7 So far we have on purpose concentrated our attention on relationships among language, social activity and learning outside pedagogic contexts, to show that there is a lot of learning going on, implicit and explicit, in everyday contexts, and that most of it involves literacy. But we now turn our attention to a pedagogic setting designed with the facilitation of learning as its primary object. Scenario 4, A Vocational Class: Painting and Decorating, has all the same characteristics as Scenario 3: the use of a full range of semiotic resources, including the reading and writing of written texts, and both informal learning through participation and more planned, conscious, intentional learning. The difference is that, even though it is a practical subject which can to a large extent be learnt ‘on the job’, in this case the teaching and learning is taking place under the auspices of an educational institution: in this case, in a classroom in the Construction section of Preston College.

In the following sections we present three short case studies of people whose lives illustrate the types of interrelationship among doing, learning and literacy which we have spelt out here. All three cases draw attention to the range and variety of the multimodal texts and literacy practices which mediate lives, learning and/or teaching in these students’ lives. The first case study concentrates on the polycontextual diversity of one student’s life, the nature of the multimodal texts and literacy practices which mediate her activities, and her different positionings in relation to these practices. The second is a study of a student for whom the interface between literacy practices in his home life and those on his college course changed during the year as he participated in our research. The third case study paints a less rosy picture of a student for whom there is a dissonance between the literacy practices in which he engages of his own volition, and those demanded of him by his college course. In all three cases we show the extent and complexity of the reading and writing students do in their everyday lives, illustrating the observation made by Martin in our opening quotation.
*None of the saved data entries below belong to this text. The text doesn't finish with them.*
(* Every regular coherent group is torsionfree.
   Context: A ring is regular if it is Noetherian and every finitely generated module has a finite-dimensional resolution by finitely generated projective modules; it is regular coherent if every finitely presented module has a finite-dimensional resolution by finitely generated projective modules. A group $G$ is regular coherent if the group ring $RG$ is regular coherent for every regular ring $R$. *)

From HB Require Import structures.
From mathcomp Require Import all_boot all_order all_algebra.

Set Implicit Arguments.
Unset Strict Implicit.
Unset Printing Implicit Defensive.

Import GRing.Theory.
Local Open Scope ring_scope.

Definition surj (A B : Type) (f : A -> B) : Prop := forall b, exists a, f a = b.

Section Modules.
Variable S : pzRingType.

Definition is_lin (M N : lmodType S) (f : M -> N) : Prop := linear f.

Definition exact_at (A B C : lmodType S) (g : A -> B) (f : B -> C) : Prop :=
  forall b : B, f b = 0 <-> exists a : A, g a = b.

Definition fin_gen (M : lmodType S) : Prop :=
  exists (n : nat) (f : 'rV[S]_n -> M), is_lin f /\ surj f.

Definition fin_pres (M : lmodType S) : Prop :=
  exists (n m : nat) (f : 'rV[S]_n -> M) (g : 'rV[S]_m -> 'rV[S]_n),
    [/\ is_lin f, is_lin g, surj f & exact_at g f].

Definition projective (P : lmodType S) : Prop :=
  forall (N1 N2 : lmodType S) (p : N1 -> N2) (h : P -> N2),
    is_lin p -> surj p -> is_lin h ->
    exists k : P -> N1, is_lin k /\ (forall x, p (k x) = h x).

Definition zero_module (M : lmodType S) : Prop := forall x : M, x = 0.

(* M has a finite-dimensional (finite length) resolution by finitely
   generated projective modules:
     0 -> P_n -> ... -> P_1 -> P_0 -> M -> 0  exact,
   encoded with P : nat -> lmodType S, d i : P (i+1) -> P i, eps : P 0 -> M,
   and P i = 0 for all i >= n. *)
Definition fin_fgproj_resolution (M : lmodType S) : Prop :=
  exists (P : nat -> lmodType S) (d : forall i, P i.+1 -> P i)
         (eps : P 0%N -> M) (n : nat),
    [/\ (forall i, fin_gen (P i) /\ projective (P i)),
        (forall i, is_lin (d i)) /\ (is_lin eps /\ surj eps),
        exact_at (d 0%N) eps,
        (forall i, exact_at (d i.+1) (d i))
      & (forall i, (n <= i)%N -> zero_module (P i))].

Definition left_ideal (I : S -> Prop) : Prop :=
  [/\ I 0, forall x y, I x -> I y -> I (x + y) & forall a x, I x -> I (a * x)].

Definition noetherian : Prop :=
  forall I : S -> Prop, left_ideal I ->
    exists X : seq S, (forall x, x \in X -> I x) /\
      (forall y, I y -> exists c : S -> S, y = \sum_(x <- X) c x * x).

Definition regular_ring : Prop :=
  noetherian /\
  forall M : lmodType S, fin_gen M -> fin_fgproj_resolution M.

Definition regular_coherent_ring : Prop :=
  forall M : lmodType S, fin_pres M -> fin_fgproj_resolution M.

End Modules.

(* S (with i : R -> S and u : G -> S) is the group ring RG:
   i is a ring morphism, u a monoid morphism into the multiplicative monoid of S, i r and u g
   commute, and (u g)_{g in G} is a basis of S as a left R-module
   (R acting through i). This determines S up to isomorphism. *)
Definition is_group_ring (R S : pzRingType) (G : groupType)
    (i : {rmorphism R -> S}) (u : G -> S) : Prop :=
  [/\ u 1%g = 1,
      forall g h : G, u (g * h)%g = u g * u h,
      forall (r : R) (g : G), i r * u g = u g * i r,
      forall s : S, exists (X : seq G) (c : G -> R),
        s = \sum_(g <- X) i (c g) * u g
    &
      forall (X : seq G) (c : G -> R), uniq X ->
        \sum_(g <- X) i (c g) * u g = 0 -> forall g, g \in X -> c g = 0].

Definition regular_coherent_group (G : groupType) : Prop :=
  forall (R : pzRingType), regular_ring R ->
  forall (S : pzRingType) (i : {rmorphism R -> S}) (u : G -> S),
    is_group_ring i u -> regular_coherent_ring S.

Definition torsionfree (G : groupType) : Prop :=
  forall (g : G) (n : nat), (0 < n)%N -> (g ^+ n)%g = 1%g -> g = 1%g.

From HB Require Import structures.
From mathcomp Require Import all_boot all_order all_algebra finmap.
From mathcomp.multinomials Require Import monalg.
From mathcomp Require Import zify.
From Stdlib Require Import Classical.

(* Let [g] have finite order [m > 1] and let [p] be a prime divisor of [m].
   In [S = F_p[G]] put [D = 1 - g] and [N = 1 + g + ... + g^(m-1)].  Since
   [<g>] acts freely on [G] by translations, the kernel of multiplication by
   [D] (resp. [N]), on either side, is the image of multiplication by [N]
   (resp. [D]).  Hence the left ideal [M = S N] is finitely presented by
   right multiplications [S --D--> S --N--> M --> 0], and the 2-periodic complex
   [... --D--> X --N--> X --D--> ...] is exact for [X = S], hence for finitely
   generated projective modules, hence, by dimension shifting, for every
   module with a finite resolution by such modules.  It is not exact for
   [X = M]: [D N = 0], but [N = N w] with [w = t N] in [M] would give
   [1 - N t] in [S D], and the augmentation would yield [1 = m eps(t) = 0] in
   [F_p].  As [F_p] is regular, [G] is not regular coherent. *)

Set Implicit Arguments.
Unset Strict Implicit.
Unset Printing Implicit Defensive.

Import GRing.Theory.
Local Open Scope ring_scope.

(** * Multiplications on modules with finite resolutions *)

Section LinearMaps.
Variables (S : pzRingType) (M N : lmodType S) (f : M -> N).
Hypothesis lin_f : is_lin f.

Lemma lin_add u v : f (u + v) = f u + f v.
Proof. by have := lin_f 1 u v; rewrite !scale1r. Qed.

Lemma lin0 : f 0 = 0.
Proof. by apply/(addrI (f 0)); rewrite -lin_add !addr0. Qed.

Lemma lin_scale a u : f (a *: u) = a *: f u.
Proof. by have := lin_f a u 0; rewrite !addr0 lin0 addr0. Qed.

Lemma lin_sub u v : f (u - v) = f u - f v.
Proof. by rewrite lin_add -scaleN1r lin_scale scaleN1r. Qed.

Lemma lin_sum I (r : seq I) (F : I -> M) :
  f (\sum_(i <- r) F i) = \sum_(i <- r) f (F i).
Proof. exact: (big_morph f lin_add lin0). Qed.

End LinearMaps.

Lemma lin_comp (S : pzRingType) (M N L : lmodType S) (f : M -> N) (g : N -> L) :
  is_lin f -> is_lin g -> is_lin (g \o f).
Proof. by move=> lin_f lin_g a u v /=; rewrite lin_f lin_g. Qed.

Definition ker_in_image (S : pzRingType) (a b : S) (M : lmodType S) :=
  forall y : M, a *: y = 0 -> exists w, y = b *: w.

Section KerInImage.
Variables (S : pzRingType) (a b : S).

Lemma ker_in_image_rV k : ker_in_image a b S^o -> ker_in_image a b 'rV[S]_k.
Proof.
move=> kerS y ay0.
have t_ex j : exists t, y 0 j == b * t.
  have /kerS [t ->] : a * y 0 j = 0.
    by have := congr1 (fun v : 'rV[S]_k => v 0 j) ay0; rewrite !mxE.
  by exists t.
exists (\row_j xchoose (t_ex j)); apply/rowP => j; rewrite !mxE.
exact/eqP/(xchooseP (t_ex j)).
Qed.

Lemma ker_in_image_retract (M N : lmodType S) (f : N -> M) (s : M -> N) :
  is_lin f -> is_lin s -> cancel s f -> ker_in_image a b N -> ker_in_image a b M.
Proof.
move=> lin_f lin_s sK kerN m am0.
have [|w sm_eq] := kerN (s m); first by rewrite -(lin_scale lin_s) am0 (lin0 lin_s).
by exists (f w); rewrite -(lin_scale lin_f) -sm_eq sK.
Qed.

End KerInImage.

Lemma fin_gen_proj_retract (S : pzRingType) (P : lmodType S) :
  fin_gen P -> projective P -> exists k (f : 'rV[S]_k -> P) (s : P -> 'rV[S]_k),
    [/\ is_lin f, is_lin s & cancel s f].
Proof.
move=> [k [f [lin_f surj_f]]] proj_P.
have [s [lin_s fsK]] := proj_P _ _ f id lin_f surj_f (fun _ _ _ => erefl).
by exists k, f, s.
Qed.

Section ResolutionChase.
Local Unset Implicit Arguments.
Variables (S : pzRingType) (M : lmodType S) (P : nat -> lmodType S).
Variables (d : forall i, P i.+1 -> P i) (eps : P 0%N -> M) (len : nat).
Hypotheses (lin_d : forall i, is_lin (d i)) (lin_eps : is_lin eps).
Hypotheses (surj_eps : surj eps) (exact_eps : exact_at (d 0%N) eps).
Hypotheses (exact_d : forall i, exact_at (d i.+1) (d i)).
Hypothesis P_zero : forall i, (len <= i)%N -> zero_module (P i).

(* Dimension shifting: the relation moves up the resolution with [a] and [b]
   exchanged at each step, until it reaches the zero modules. *)
Lemma resolution_ker_lift k : forall (a b : S) i, a * b = 0 -> b * a = 0 ->
  (forall j, ker_in_image a b (P j)) -> (forall j, ker_in_image b a (P j)) ->
  (len <= i + k)%N -> forall (y : P i) z, a *: y = d i z ->
  exists w v, y = b *: w + d i v.
Proof.
elim: k => [|k IH] a b i ab0 ba0 ker_ab ker_ba len_le y z ay_dz.
  exists 0, 0; rewrite scaler0 (lin0 (lin_d i)) addr0.
  by apply: P_zero; rewrite -(addn0 i).
have d_bz0 : d i (b *: z) = 0.
  by rewrite (lin_scale (lin_d i)) -ay_dz scalerA ba0 scale0r.
have [z' dz'_bz] := proj1 (exact_d i _) d_bz0.
have [|w' [v' z_eq]] := IH b a i.+1 ba0 ab0 ker_ba ker_ab _ z z' (esym dz'_bz).
  by rewrite addSnnS.
have dd0 u : d i (d i.+1 u) = 0 by apply/(proj2 (exact_d i _)); exists u.
have [|w y_eq] := ker_ab i (y - d i w').
  rewrite scalerBr ay_dz z_eq (lin_add (lin_d i)) dd0 addr0.
  by rewrite (lin_scale (lin_d i)) subrr.
by exists w, w'; rewrite -y_eq subrK.
Qed.

Lemma ker_in_image_resolved (a b : S) : a * b = 0 -> b * a = 0 ->
  (forall j, ker_in_image a b (P j)) -> (forall j, ker_in_image b a (P j)) ->
  ker_in_image a b M.
Proof.
move=> ab0 ba0 ker_ab ker_ba m; have [y0 <-] := surj_eps m => am0.
have [z dz] : exists z, d 0%N z = a *: y0.
  by apply: (proj1 (exact_eps _)); rewrite (lin_scale lin_eps).
have [w [v ->]] := resolution_ker_lift len a b 0 ab0 ba0 ker_ab ker_ba
  (leq_addl 0 len) y0 z (esym dz).
have eps_dv : eps (d 0%N v) = 0 by apply/(proj2 (exact_eps _)); exists v.
by exists (eps w); rewrite (lin_add lin_eps) eps_dv addr0 (lin_scale lin_eps).
Qed.

End ResolutionChase.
3. The textual mediation of a complex life: The case of Eve, a student on a Childcare course

Eve is an eighteen year old young woman who gave birth to her son, Alex, two years ago while she was still at high school. She is the only student on this course who has the experience of being a mother. To get to her childcare classes in a morning requires Eve to make a complex journey. The points along her journey can be seen to represent some of the main contexts of her life. She gets up at her boyfriend Ben’s house where she and Alex live. The house is in Ben’s name but she has taken responsibility for paying some of the household bills. At several times in general conversations with the class, Eve drew attention to the fact that she lived with her boyfriend – she was the only student in the class who was co-habiting with a partner and

8 this was seen as a mark of maturity. When she is ready for college and Alex is ready for nursery, Ben drives them to Eve’s mother’s house in the neighbouring town. Until recently, Eve lived with her parents in this house. Her mother then drives Eve and Alex to the community nursery which she manages. Alex attends this nursery and Eve has elected to do her childcare placement there. We observed Eve working in the nursery, where she appeared confident and self-assured with her work colleagues and with the children. On college days, Eve says goodbye to her mum and Alex and then catches two buses to Preston College. Given the complexity of navigating these multiple contexts, one should not perhaps be too surprised that Eve sometimes struggles to arrive promptly at college for the 9.30am start to lessons.

Eve travels physically, by car, bus and foot, between these different contexts of her life. In interview it also became apparent that she associates largely different literacy practices with these different contexts. In her work placement in the nursery, she is participating in a textually dense environment, requiring a wide repertoire of literacy practices. These might include writing out daily and weekly activity charts, filling in children’s daily diaries, maintaining medical records, reading to children, producing nursery displays and communicating with parents. At home with her boyfriend, she deals with mail, keeping take-away menus and named letters, discarding junk mail. She has recently organised paying for the council tax (a literacy event which she reported as being straightforward and unproblematic: she rang up “and you get a form through and that’s it really”.) However, paperwork associated with Alex is still sent to her mother’s address and she finds this more problematic to deal with. For example, she knows where Alex’s ‘red book’ (child development record) is but has never read it. She mentioned two things about which she would refer to her mother for advice. First, she wants to change the Child Tax Benefit to her name but doesn’t feel confident doing this. Second, she isn’t sure what the Child Trust Fund is or what she needs to do about it. However, Eve doesn’t mention her mother when talking about learning to fill in the Council Tax form.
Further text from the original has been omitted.